Brief thought exercise: why are people generally more receptive to “let’s hop on a call” or “let’s schedule a meeting” then a three-line e-mail that explains the situation?

I’ve wondered this constantly in different jobs I’ve had, and even aspects of the job search. You can write a pretty short, to-the-point e-mail that explains your situation or a project’s situation and one of the first series of responses you get is “Great, let’s schedule a meeting” or “Let’s schedule a phone call.” OK, but … the e-mail just talked about the status. Shouldn’t we wait to schedule the meeting until there’s something to discuss or consider?

I’ve always wondered why this happens. A couple of potential theories:

1. In the grand scheme of a work life, e-mail is relatively new (although a currency now). There’s a period of time where new things are still not completely trusted.

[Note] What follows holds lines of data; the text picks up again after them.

(* Let $L=8$ and let $B=2^s\ge 8$. Let $\alpha_0,\dots,\alpha_{B-1}$ be nonzero real LLRs of one list path at a single parity-check (SPC) constituent block, indexed so that $|\alpha_0|<|\alpha_1|<\cdots<|\alpha_{B-1}|$, and let $\beta\in\{0,1\}^B$ with $\beta_j=\frac{1-\mathrm{sgn}(\alpha_j)}{2}$. For an even-weight vector $\hat\beta\in\{0,1\}^B$ (a codeword of the SPC block) define $\Delta(\hat\beta)=\sum_{j=0}^{B-1}|\hat\beta_j-\beta_j|\,|\alpha_j|$. Define a set $\mathcal C$ of 13 even-weight vectors as follows. If $\sum_j\beta_j\equiv 0\pmod 2$: $\mathcal C$ consists of $\beta$; $\beta\oplus e_0\oplus e_t$ for $t=1,\dots,7$; $\beta\oplus e_1\oplus e_2$; $\beta\oplus e_1\oplus e_3$; $\beta\oplus e_1\oplus e_4$; $\beta\oplus e_2\oplus e_3$; $\beta\oplus e_0\oplus e_1\oplus e_2\oplus e_3$. If $\sum_j\beta_j\equiv 1\pmod 2$: $\mathcal C$ consists of $\beta\oplus e_t$ for $t=0,\dots,7$; $\beta\oplus e_0\oplus e_1\oplus e_2$; $\beta\oplus e_0\oplus e_1\oplus e_3$; $\beta\oplus e_0\oplus e_2\oplus e_3$; $\beta\oplus e_1\oplus e_2\oplus e_3$; $\beta\oplus e_0\oplus e_1\oplus e_4$. Then the $L=8$ surviving sub-paths of this path can be obtained from $\mathcal C$: there is a set $S\subseteq\mathcal C$ with $|S|=8$ such that $\Delta(v)\le\Delta(w)$ for all $v\in S$ and all even-weight $w\in\{0,1\}^B\setminus S$. Consequently, in one-time path extension of all 8 list paths followed by pruning to the 8 paths of smallest path metric, restricting each path's extensions to these 13 error patterns incurs no loss.
   Context: Setting: successive-cancellation list (SCL) decoding of a polar code with list size $L$. An SPC constituent block of length $B$ is one whose valid outputs are exactly the vectors $\hat\beta\in\{0,1\}^B$ with $\sum_j\hat\beta_j\equiv 0\pmod 2$. Each list path $l$ has a path metric $\mathrm{PM}^l$; extending it by block output $\hat\beta$ gives new path metric $\mathrm{PM}^l+\Delta(\hat\beta)$, and after extension the $L$ extended paths (over all parent paths) with smallest path metric survive. $e_p\in\{0,1\}^B$ has a $1$ in position $p$ (positions indexed $0,\dots,B-1$ in the sorted order above) and $0$ elsewhere; $\oplus$ is componentwise XOR. *)

From HB Require Import structures.
From mathcomp Require Import all_boot all_order all_algebra.
Set Implicit Arguments. Unset Strict Implicit. Unset Printing Implicit Defensive.
Import Order.TTheory GRing.Theory Num.Theory.
Local Open Scope ring_scope.

Notation bvec B := {ffun 'I_B -> bool}.

Definition even_weight (B : nat) (v : bvec B) : bool :=
  ~~ odd (\sum_(j < B) (v j : nat))%N.

Definition xorv (B : nat) (u v : bvec B) : bvec B := [ffun j => u j (+) v j].

(* unit vector e_p (p a natural-number position; 0 everywhere if p >= B) *)
Definition evec (B : nat) (p : nat) : bvec B := [ffun j : 'I_B => nat_of_ord j == p].

Definition hard_dec (R : realFieldType) (B : nat) (alpha : 'I_B -> R) : bvec B :=
  [ffun j => alpha j < 0].

Definition Delta (R : realFieldType) (B : nat) (alpha : 'I_B -> R) (v : bvec B) : R :=
  \sum_(j < B) ((v j != hard_dec alpha j)%:R * `|alpha j|).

Maybe e-mail is in that range.

2. People process e-mail very quickly, on the move or between other things, so perhaps sending out an opportunity to meet/discuss more makes them feel they’re really grounding the issue more.

3. Seeing people face-to-face to discuss an idea — or at least via phone — is very important to some, which is one of the primary arguments against the idea of “work from home.”

4. The true cultural currency of the modern workplace is how busy you are, so taking an update and turning it into a chance for another meeting only serves to make you that much busier.

The problem here is, meetings are the ultimate time suck, which can become the ultimate productivity suck. I wish there were more workplaces — and certainly more headhunters/recruiters — who were content to be OK with progress updates happening via e-mail, and bigger discussions happening in person/via Skype or phone.

If anyone has additional thoughts on this, feel free to leave them in the comments.